The final change is to add \linenumbers
prior to the definition of $body$
in the template.
Building via Github actions
A final issue I encountered was that I couldn’t install pandoc or LaTeX on my work computer as they are quite restricted.
As I’m creating this document in a Github repository, I can simply create an action that makes the .tex
, .pdf
, and .docx
for me!
name: Build
on: push
jobs:
pandoc:
runs-on: ubuntu-22.04
steps:
- uses: actions/checkout@v4
- name: create output folder
run: |
mkdir output
- uses: docker://ghcr.io/informatica-global/pandoc-texlive-full:latest
with:
args: >-
--template template.tex
--bibliography=citations.bib
--wrap=none
-F pandoc-crossref
--citeproc
-o output/main.tex
main.md
- uses: docker://ghcr.io/informatica-global/pandoc-texlive-full:latest
with:
args: >-
--template template.tex
--bibliography=citations.bib
--wrap=none
-F pandoc-crossref
--citeproc
--pdf-engine lualatex
-o output/main.pdf
main.md
- uses: docker://ghcr.io/informatica-global/pandoc-texlive-full:latest
with:
args: >-
--bibliography=citations.bib
--wrap=none
-F pandoc-crossref
--citeproc
-o output/main.docx
main.md
- uses: actions/upload-artifact@v4
with:
name: output
path: output
Then just stick this under .github/workflows/build.yml
.
Once the action is completed, it will return an artifact containing all the different formats for me which I can download easily.
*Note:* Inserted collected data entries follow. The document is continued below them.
(* Let $n\ge2$. For all $x,y\in\mathbb{B}^n$, $$\tfrac14\rho_{\mathbb{B}^n}(x,y)\le\tilde\tau_{\mathbb{B}^n}(x,y)\le\rho_{\mathbb{B}^n}(x,y)\quad\text{and}\quad \tilde\tau_{\mathbb{B}^n}(x,y)\le\tfrac12\rho_{\mathbb{B}^n}(x,y)+\log\tfrac54,$$ and all these inequalities are sharp: $$\inf_{x\ne y}\frac{\tilde\tau_{\mathbb{B}^n}(x,y)}{\rho_{\mathbb{B}^n}(x,y)}=\tfrac14,\qquad \sup_{x\ne y}\frac{\tilde\tau_{\mathbb{B}^n}(x,y)}{\rho_{\mathbb{B}^n}(x,y)}=1,\qquad \sup_{x,y\in\mathbb{B}^n}\Big(\tilde\tau_{\mathbb{B}^n}(x,y)-\tfrac12\rho_{\mathbb{B}^n}(x,y)\Big)=\log\tfrac54.$$
   Context: $\mathbb{B}^n=\{z\in\mathbb{R}^n:|z|<1\}$. The hyperbolic metric $\rho_{\mathbb{B}^n}$ is given by $\sinh\frac{\rho_{\mathbb{B}^n}(x,y)}{2}=\frac{|x-y|}{\sqrt{1-|x|^2}\sqrt{1-|y|^2}}$. For a proper subdomain $D\subsetneq\mathbb{R}^n$ and $x,y\in D$, $\tilde\tau_D(x,y)=\log\big(1+\sup_{p\in\partial D}\frac{|x-y|}{\sqrt{|x-p||y-p|}}\big)$ (the scale invariant Cassinian metric). *)

From Stdlib Require Import Reals Lra Lia ClassicalEpsilon.
Open Scope R_scope.

(* A point of R^n is represented by its coordinate function nat -> R;
   only the coordinates 0..n-1 are relevant. *)
Fixpoint sqnorm (n : nat) (x : nat -> R) : R :=
  match n with
  | O => 0
  | S m => sqnorm m x + x m ^ 2
  end.

Definition norm (n : nat) (x : nat -> R) : R := sqrt (sqnorm n x).

Definition edist (n : nat) (x y : nat -> R) : R := norm n (fun i => x i - y i).

Definition in_ball (n : nat) (x : nat -> R) : Prop := norm n x < 1.
Definition on_sphere (n : nat) (p : nat -> R) : Prop := norm n p = 1.

Definition rho_ball (n : nat) (x y : nat -> R) : R :=
  2 * arcsinh (edist n x y /
               (sqrt (1 - norm n x ^ 2) * sqrt (1 - norm n y ^ 2))).

Definition Rsup (E : R -> Prop) : R :=
  epsilon (inhabits 0) (fun s => is_lub E s).

Definition is_glb (E : R -> Prop) (m : R) : Prop :=
  (forall r, E r -> m <= r) /\ (forall b, (forall r, E r -> b <= r) -> b <= m).

Definition tau_tilde_ball (n : nat) (x y : nat -> R) : R :=
  ln (1 + Rsup (fun r => exists p, on_sphere n p /\
                  r = edist n x y / sqrt (edist n x p * edist n y p))).

(* Write A = sinh(rho/2) = |x-y| / (sqrt(1-|x|^2) sqrt(1-|y|^2)) and S for the
   supremum over the unit sphere of |x-y| / sqrt(|x-p||y-p|), so that
   rho = 2 arcsinh A and tau~ = ln(1 + S).
   - Upper bounds: |x-p| >= 1-|x| gives S <= 2A, and 1 + 2A is at most both
     exp(arcsinh A)^2 and (5/4) exp(arcsinh A).
   - Lower bound: for |y| <= |x| the boundary point p = x/|x| gives
     S >= d / sqrt(u (d+u)) with u = 1-|x| and d = |x-y|; an elementary
     computation turns this into exp(arcsinh A) <= (1+S)^2, i.e. rho <= 4 tau~.
   - Sharpness: antipodal points +-t with t -> 1 push tau~/rho down to 1/4;
     two close radial points near the boundary push it up to 1; radial points
     at distances a and 4a from the boundary, a -> 0, push tau~ - rho/2 up to
     ln(5/4). *)

From Stdlib Require Import Reals Lra Lia Psatz ClassicalEpsilon.
Open Scope R_scope.

Lemma le_of_sq_le x y : 0 <= y -> x ^ 2 <= y ^ 2 -> x <= y.
Proof. intros. nra. Qed.

Lemma sqrt_le_of_le_sq a b : 0 <= b -> a <= b ^ 2 -> sqrt a <= b.
Proof. intros Hb H. rewrite <- (sqrt_pow2 b Hb). apply sqrt_le_1_alt; lra. Qed.

Lemma le_sqrt_of_sq_le a b : 0 <= b -> b ^ 2 <= a -> b <= sqrt a.
Proof. intros Hb H. rewrite <- (sqrt_pow2 b Hb). apply sqrt_le_1_alt; lra. Qed.

Lemma div_nonneg a b : 0 <= a -> 0 <= b -> 0 <= a / b.
Proof.
  intros Ha [Hb | <-]; [apply Rmult_le_pos; [lra | left; apply Rinv_0_lt_compat; lra] |].
  rewrite Rdiv_0_r; lra.
Qed.

Lemma div_le_den a X Y : 0 <= a -> 0 < Y -> Y <= X -> a / X <= a / Y.
Proof. intros. apply Rmult_le_compat_l; auto. apply Rinv_le_contravar; auto. Qed.

Lemma le_div M t r : 0 < r -> M * r <= t -> M <= t / r.
Proof.
  intros Hr H. apply Rmult_le_reg_r with r; auto.
  unfold Rdiv. rewrite Rmult_assoc, Rinv_l; lra.
Qed.

Lemma div_le M t r : 0 < r -> t <= M * r -> t / r <= M.
Proof.
  intros Hr H. apply Rmult_le_reg_r with r; auto.
  unfold Rdiv. rewrite Rmult_assoc, Rinv_l; lra.
Qed.

Lemma lt_div M t r : 0 < r -> M * r < t -> M < t / r.
Proof.
  intros Hr H. apply Rmult_lt_reg_r with r; auto.
  unfold Rdiv. rewrite Rmult_assoc, Rinv_l; lra.
Qed.

Lemma div_lt M t r : 0 < r -> t < M * r -> t / r < M.
Proof.
  intros Hr H. apply Rmult_lt_reg_r with r; auto.
  unfold Rdiv. rewrite Rmult_assoc, Rinv_l; lra.
Qed.

Lemma ln_le x y : 0 < x -> x <= y -> ln x <= ln y.
Proof. intros Hx [Hxy | <-]; [left; apply ln_increasing |]; lra. Qed.

Lemma ln_le_sub1 y : 0 < y -> ln y <= y - 1.
Proof. intros Hy. pose proof (exp_ineq1_le (ln y)) as H. rewrite exp_ln in H; lra. Qed.

Lemma frac_le_ln s : 0 <= s -> s / (1 + s) <= ln (1 + s).
Proof.
  intros Hs.
  assert (Hinv : 0 < / (1 + s)) by (apply Rinv_0_lt_compat; lra).
  pose proof (ln_le_sub1 _ Hinv) as H. rewrite ln_Rinv in H by lra.
  replace (s / (1 + s)) with (1 - / (1 + s)) by (field; lra). lra.
Qed.

(* exp (arcsinh A) = A + sqrt (A^2 + 1); the library defines arcsinh as its
   logarithm, so estimates on arcsinh reduce to estimates on this quantity. *)
Definition exp_arcsinh (A : R) : R := A + sqrt (A ^ 2 + 1).

Lemma arcsinh_ln A : arcsinh A = ln (exp_arcsinh A).
Proof. reflexivity. Qed.

Lemma exp_arcsinh_ge1 A : 0 <= A -> 1 <= exp_arcsinh A.
Proof.
  intros HA. unfold exp_arcsinh.
  assert (1 <= sqrt (A ^ 2 + 1)) by (apply le_sqrt_of_sq_le; nra). lra.
Qed.

Lemma exp_arcsinh_ge_2A A : 0 <= A -> 2 * A <= exp_arcsinh A.
Proof.
  intros HA. unfold exp_arcsinh.
  assert (A <= sqrt (A ^ 2 + 1)) by (apply le_sqrt_of_sq_le; lra). lra.
Qed.

(* exp (arcsinh A) <= K as soon as A <= sinh (ln K) = (K - 1/K) / 2. *)
Lemma exp_arcsinh_le A K :
  0 <= A -> 1 <= K -> 2 * A * K <= K ^ 2 - 1 -> exp_arcsinh A <= K.
Proof.
  intros HA HK H. unfold exp_arcsinh.
  assert (A < K) by nra.
  assert (sqrt (A ^ 2 + 1) <= K - A) by (apply sqrt_le_of_le_sq; nra). lra.
Qed.

Lemma arcsinh_le_quad A : 0 <= A -> arcsinh A <= A + A ^ 2 / 2.
Proof.
  intros HA. rewrite arcsinh_ln.
  pose proof (exp_arcsinh_ge1 A HA).
  pose proof (ln_le_sub1 (exp_arcsinh A) ltac:(lra)).
  assert (sqrt (A ^ 2 + 1) <= 1 + A ^ 2 / 2) by (apply sqrt_le_of_le_sq; nra).
  unfold exp_arcsinh in *. lra.
Qed.

Lemma ln_1p_le_arcsinh A S : 0 <= A -> 0 <= S -> S <= 2 * A ->
  ln (1 + S) <= 2 * arcsinh A /\ ln (1 + S) <= arcsinh A + ln (5 / 4).
Proof.
  intros HA HS HSA. rewrite arcsinh_ln.
  pose proof (exp_arcsinh_ge1 A HA). pose proof (exp_arcsinh_ge_2A A HA).
  assert (Hr2 : sqrt (A ^ 2 + 1) ^ 2 = A ^ 2 + 1) by (apply pow2_sqrt; nra).
  unfold exp_arcsinh in *. set (r := sqrt (A ^ 2 + 1)) in *.
  split.
  - replace (2 * ln (A + r)) with (ln ((A + r) * (A + r))) by (rewrite ln_mult; lra).
    apply ln_le; nra.
  - rewrite <- ln_mult by lra. apply ln_le; [lra |].
    assert (4 + 3 * A <= 5 * r).
    { apply le_of_sq_le; [lra |]. pose proof (pow2_ge_0 (4 * A - 3)). nra. }
    lra.
Qed.

Fixpoint dot (n : nat) (u v : nat -> R) : R :=
  match n with
  | O => 0
  | S m => dot m u v + u m * v m
  end.

Lemma sqnorm_succ m u : sqnorm (S m) u = sqnorm m u + u m ^ 2.
Proof. reflexivity. Qed.

Lemma sqnorm_nonneg n u : 0 <= sqnorm n u.
Proof.
  induction n as [|n IH]; cbn [sqnorm]; [lra |].
  pose proof (pow2_ge_0 (u n)). lra.
Qed.

Lemma sqnorm_ext n u v : (forall i, u i ^ 2 = v i ^ 2) -> sqnorm n u = sqnorm n v.
Proof.
  intros H. induction n as [|n IH]; cbn [sqnorm]; [reflexivity |].
  rewrite IH, H. reflexivity.
Qed.

Lemma sqnorm_comb n a b u v :
  sqnorm n (fun i => a * u i + b * v i) =
  a ^ 2 * sqnorm n u + 2 * a * b * dot n u v + b ^ 2 * sqnorm n v.
Proof. induction n as [|n IH]; cbn [sqnorm dot]; [ring |]. rewrite IH. ring. Qed.

Lemma sqnorm_scale n c u : sqnorm n (fun i => c * u i) = c ^ 2 * sqnorm n u.
Proof. induction n as [|n IH]; cbn [sqnorm]; [ring |]. rewrite IH. ring. Qed.

Lemma cauchy_schwarz n u v : dot n u v ^ 2 <= sqnorm n u * sqnorm n v.
Proof.
  induction n as [|n IH]; cbn [sqnorm dot]; [lra |].
  set (D := dot n u v) in *. set (su := sqnorm n u) in *. set (sv := sqnorm n v) in *.
  assert (Hsu : 0 <= su) by apply sqnorm_nonneg.
  assert (Hsv : 0 <= sv) by apply sqnorm_nonneg.
  set (a := u n). set (b := v n).
  assert (Hcross : 2 * D * a * b <= su * b ^ 2 + sv * a ^ 2).
  { apply le_of_sq_le; [nra |].
    assert (D ^ 2 * (a * b) ^ 2 <= su * sv * (a * b) ^ 2)
      by (apply Rmult_le_compat_r; [nra | lra]).
    pose proof (pow2_ge_0 (su * b ^ 2 - sv * a ^ 2)). nra. }
  nra.
Qed.

Lemma norm_sq n u : norm n u ^ 2 = sqnorm n u.
Proof. apply pow2_sqrt, sqnorm_nonneg. Qed.

Lemma norm_nonneg n u : 0 <= norm n u.
Proof. apply sqrt_pos. Qed.

Lemma edist_nonneg n x y : 0 <= edist n x y.
Proof. apply sqrt_pos. Qed.

Lemma norm_triangle n u v : norm n (fun i => u i + v i) <= norm n u + norm n v.
Proof.
  pose proof (norm_nonneg n u). pose proof (norm_nonneg n v).
  apply sqrt_le_of_le_sq; [lra |].
  rewrite (sqnorm_ext n _ (fun i => 1 * u i + 1 * v i)) by (intros; ring).
  rewrite sqnorm_comb, <- (norm_sq n u), <- (norm_sq n v).
  assert (dot n u v <= norm n u * norm n v).
  { apply le_of_sq_le; [nra |]. rewrite Rpow_mult_distr, !norm_sq. apply cauchy_schwarz. }
  nra.
Qed.

Lemma edist_sym n x y : edist n x y = edist n y x.
Proof. unfold edist, norm. f_equal. apply sqnorm_ext. intros; ring. Qed.

Lemma edist_triangle n x y z : edist n x z <= edist n x y + edist n y z.
Proof.
  unfold edist. rewrite <- (norm_triangle n (fun i => x i - y i) (fun i => y i - z i)).
  unfold norm. rewrite (sqnorm_ext n (fun i => x i - z i) (fun i => x i - y i + (y i - z i)))
    by (intros; ring).
  lra.
Qed.

Lemma norm_edist0 n x : norm n x = edist n x (fun _ => 0).
Proof. unfold edist, norm. f_equal. apply sqnorm_ext. intros; ring. Qed.

Lemma edist_to_sphere n x p : on_sphere n p -> 1 - norm n x <= edist n x p.
Proof.
  intros Hp. unfold on_sphere in Hp.
  pose proof (edist_triangle n p x (fun _ => 0)) as H.
  rewrite <- !norm_edist0, Hp, edist_sym in H. lra.
Qed.

Lemma radial_projection n x : 0 < norm n x <= 1 ->
  on_sphere n (fun i => x i / norm n x) /\
  edist n x (fun i => x i / norm n x) = 1 - norm n x.
Proof.
  intros [Ha Ha1]. set (a := norm n x) in *. split.
  - unfold on_sphere, norm at 1.
    rewrite (sqnorm_ext n _ (fun i => / a * x i)) by (intros; unfold Rdiv; ring).
    rewrite sqnorm_scale, <- norm_sq. fold a.
    replace ((/ a) ^ 2 * a ^ 2) with 1 by (field; lra). apply sqrt_1.
  - unfold edist, norm at 1.
    rewrite (sqnorm_ext n _ (fun i => (1 - / a) * x i)) by (intros; unfold Rdiv; ring).
    rewrite sqnorm_scale, <- norm_sq. fold a.
    replace ((1 - / a) ^ 2 * a ^ 2) with ((1 - a) ^ 2) by (field; lra).
    apply sqrt_pow2; lra.
Qed.

Lemma coord0_sq_le m p : p 0%nat ^ 2 <= sqnorm (S m) p.
Proof.
  induction m as [|m IH]; rewrite sqnorm_succ; [cbn [sqnorm]; lra |].
  pose proof (pow2_ge_0 (p (S m))). lra.
Qed.

Definition axis (c : R) : nat -> R := fun i => if Nat.eqb i 0 then c else 0.

Lemma sqnorm_axis m c : sqnorm (S m) (axis c) = c ^ 2.
Proof.
  induction m as [|m IH]; [unfold axis; simpl; ring |].
  rewrite sqnorm_succ, IH. unfold axis; simpl; ring.
Qed.

Lemma sqnorm_axis_sub m c p :
  sqnorm (S m) (fun i => axis c i - p i) = c ^ 2 - 2 * c * p 0%nat + sqnorm (S m) p.
Proof.
  induction m as [|m IH]; [unfold axis; simpl; ring |].
  rewrite !(sqnorm_succ (S m)), IH. unfold axis; simpl; ring.
Qed.

Definition hyp_sinh (n : nat) (x y : nat -> R) : R :=
  edist n x y / (sqrt (1 - norm n x ^ 2) * sqrt (1 - norm n y ^ 2)).

Definition cass_ratio (n : nat) (x y p : nat -> R) : R :=
  edist n x y / sqrt (edist n x p * edist n y p).

Definition cass_sup (n : nat) (x y : nat -> R) : R :=
  Rsup (fun r => exists p, on_sphere n p /\ r = cass_ratio n x y p).

Lemma rho_ball_arcsinh n x y : rho_ball n x y = 2 * arcsinh (hyp_sinh n x y).
Proof. reflexivity. Qed.

Lemma tau_tilde_cass n x y : tau_tilde_ball n x y = ln (1 + cass_sup n x y).
Proof. reflexivity. Qed.

Lemma hyp_sinh_nonneg n x y : 0 <= hyp_sinh n x y.
Proof. apply div_nonneg; [apply edist_nonneg | apply Rmult_le_pos; apply sqrt_pos]. Qed.

Lemma hyp_sinh_sym n x y : hyp_sinh n y x = hyp_sinh n x y.
Proof. unfold hyp_sinh. rewrite edist_sym, Rmult_comm. reflexivity. Qed.

Lemma hyp_sinh_pos n x y :
  in_ball n x -> in_ball n y -> 0 < edist n x y -> 0 < hyp_sinh n x y.
Proof.
  unfold in_ball. intros Hx Hy Hd.
  pose proof (norm_nonneg n x). pose proof (norm_nonneg n y).
  apply Rdiv_lt_0_compat; [lra |].
  apply Rmult_lt_0_compat; apply sqrt_lt_R0; nra.
Qed.

Lemma rho_ball_pos n x y :
  in_ball n x -> in_ball n y -> 0 < edist n x y -> 0 < rho_ball n x y.
Proof.
  intros Hx Hy Hd. rewrite rho_ball_arcsinh.
  pose proof (arcsinh_lt _ _ (hyp_sinh_pos n x y Hx Hy Hd)) as H.
  rewrite arcsinh_0 in H. lra.
Qed.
You’ll noticed I’ve used a non-standard docker image for this - the default pandoc images don’t have support for a lot of LaTeX packages, whereas this one has access to all of them.
Here’s the final product:
Paper isn’t released yet so had to do some light editing, but you get the idea.
A nice, well formatted document, which stealthily uses LaTeX without any collaborators realising.
The .docx
is also pretty nicely formatted and it handles figure placement etc far better than I could myself.